Instructions for updating:
Use `tf.global_variables_initializer` instead.
Iteration #0, Loss: 0.6931469440460205, α: 0.5.
Checkpointed: /tmp/tf-checkpoints/deepscite-noon/def/checkpoint-0.
Iteration #0, Validation-set accuracy: 0.4659999907016754.
Iteration #10, Loss: 2.2052810192108154, α: 0.500728964805603.
Checkpointed: /tmp/tf-checkpoints/deepscite-noon/def/checkpoint-10.
Iteration #10, Validation-set accuracy: 0.7639999985694885.
Iteration #20, Loss: 1.027888536453247, α: 0.5028527975082397.
Checkpointed: /tmp/tf-checkpoints/deepscite-noon/def/checkpoint-20.
Iteration #20, Validation-set accuracy: 0.8180000185966492.
Iteration #30, Loss: 0.7648000121116638, α: 0.505841851234436.
Checkpointed: /tmp/tf-checkpoints/deepscite-noon/def/checkpoint-30.
Iteration #30, Validation-set accuracy: 0.8240000009536743.
Iteration #40, Loss: 0.6196095943450928, α: 0.5092655420303345.
Checkpointed: /tmp/tf-checkpoints/deepscite-noon/def/checkpoint-40.
Iteration #40, Valida

Let's feed in a single paper (title, abstract) into DeepScite and see what it thinks.

## Inference step

We need to convert the text into the format needed by the model. Each word is mapped to the index of the vector in the word embedding matrix (i.e. it's index in the `vocab.txt` file.)
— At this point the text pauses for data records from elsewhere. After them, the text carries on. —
Lemma qint0_asv_weight_qpow_cv (a b c d x : C) :
  qpoch_inf (a * x) qc <> 0 -> qpoch_inf (b * x) qc <> 0 ->
  is_Clim_seq (fun N => qint0 qc (asv_weight (a * Cpown qc N) (b * Cpown qc N) c d) x)
              (qint0 qc (asv_weight 0 0 c d) x).
Proof.
  intros Ha Hb.
  destruct (is_Clim_seq_bounded _ _ (is_Clim_seq_inv_qpoch_inf_qgrid (a * x))) as [Ka HKa].
  destruct (is_Clim_seq_bounded _ _ (is_Clim_seq_inv_qpoch_inf_qgrid (b * x))) as [Kb HKb].
  set (W0 := fun n => asv_weight 0 0 c d (x * Cpown qc n)).
  destruct (is_Clim_seq_bounded W0 _ (is_Clim_seq_asv_weight 0 0 c d x)) as [Kw HKw].
  set (ia := fun m => / qpoch_inf (a * x * Cpown qc m) qc).
  set (ib := fun m => / qpoch_inf (b * x * Cpown qc m) qc).
  assert (Hterm : forall N n,
    asv_weight (a * Cpown qc N) (b * Cpown qc N) c d (x * Cpown qc n) * Cpown qc n
    = W0 n * Cpown qc n * (ia (N + n)%nat * ib (N + n)%nat)).
  { intros N n. unfold W0, ia, ib. rewrite asv_weight_00. unfold asv_weight.
    replace (a * Cpown qc N * (x * Cpown qc n)) with (a * x * Cpown qc (N + n))
      by (rewrite Cpown_add; ring).
    replace (b * Cpown qc N * (x * Cpown qc n)) with (b * x * Cpown qc (N + n))
      by (rewrite Cpown_add; ring).
    field. split; now apply qpoch_inf_qgrid_neq_0. }
  unfold qint0. apply is_Clim_seq_scal.
  apply (Csum_dominated_cv _ _ q (Kw * (Ka * Kb))); [lra| |].
  - intros N n. rewrite Hterm, !Cmod_mult, Cmod_Cpown_R by lra.
    pose proof (Cmod_ge_0 (W0 n)). pose proof (Cmod_ge_0 (ia (N + n)%nat)).
    pose proof (Cmod_ge_0 (ib (N + n)%nat)). assert (0 <= q ^ n)%R by (apply pow_le; lra).
    replace (Kw * (Ka * Kb) * q ^ n)%R with (Kw * q ^ n * (Ka * Kb))%R by ring.
    apply Rmult_le_compat; [nra|nra|apply Rmult_le_compat_r; auto|].
    apply Rmult_le_compat; [auto|auto|apply HKa|apply HKb].
  - intros n.
    apply (is_Clim_seq_ext (fun N => W0 n * Cpown qc n * (ia (N + n)%nat * ib (N + n)%nat)));
      [intros; now rewrite Hterm|].
    apply (is_Clim_seq_eq_l _ (W0 n * Cpown qc n * (/ 1 * / 1))); [|unfold W0; field].
    apply is_Clim_seq_scal, is_Clim_seq_mult;
      [apply (is_Clim_seq_incr_n ia)|apply (is_Clim_seq_incr_n ib)];
      apply is_Clim_seq_inv_qpoch_inf_qgrid.
Qed.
![](deep-scite-model-with-vectors.png)

In [5]:
vocab_list = utils.load_vocabulary(data_dir)
vocab_dict = {}
for k, w in enumerate(vocab_list):
    vocab_dict[w] = k

In [6]:
def get_wordids_for(s):
    r = [vocab_dict[w] for w in utils.to_words(s) if w in vocab_dict ]
    if r == []:
        raise Exception("Found no words at all!")
    return " ".join(map(str, r))

def words_to_html(words, activations, threshold=5):
    good_words = []
    bad_words  = []

    elts = []

    for k, w in enumerate(words):
        activation = round(float(activations[k]), 2)

        style = ""
        if activation > threshold:
            good_words.append(w)
            style = "color: blue !important;"

        if activation < -threshold:
            bad_words.append(w)
            style = "color: red !important;"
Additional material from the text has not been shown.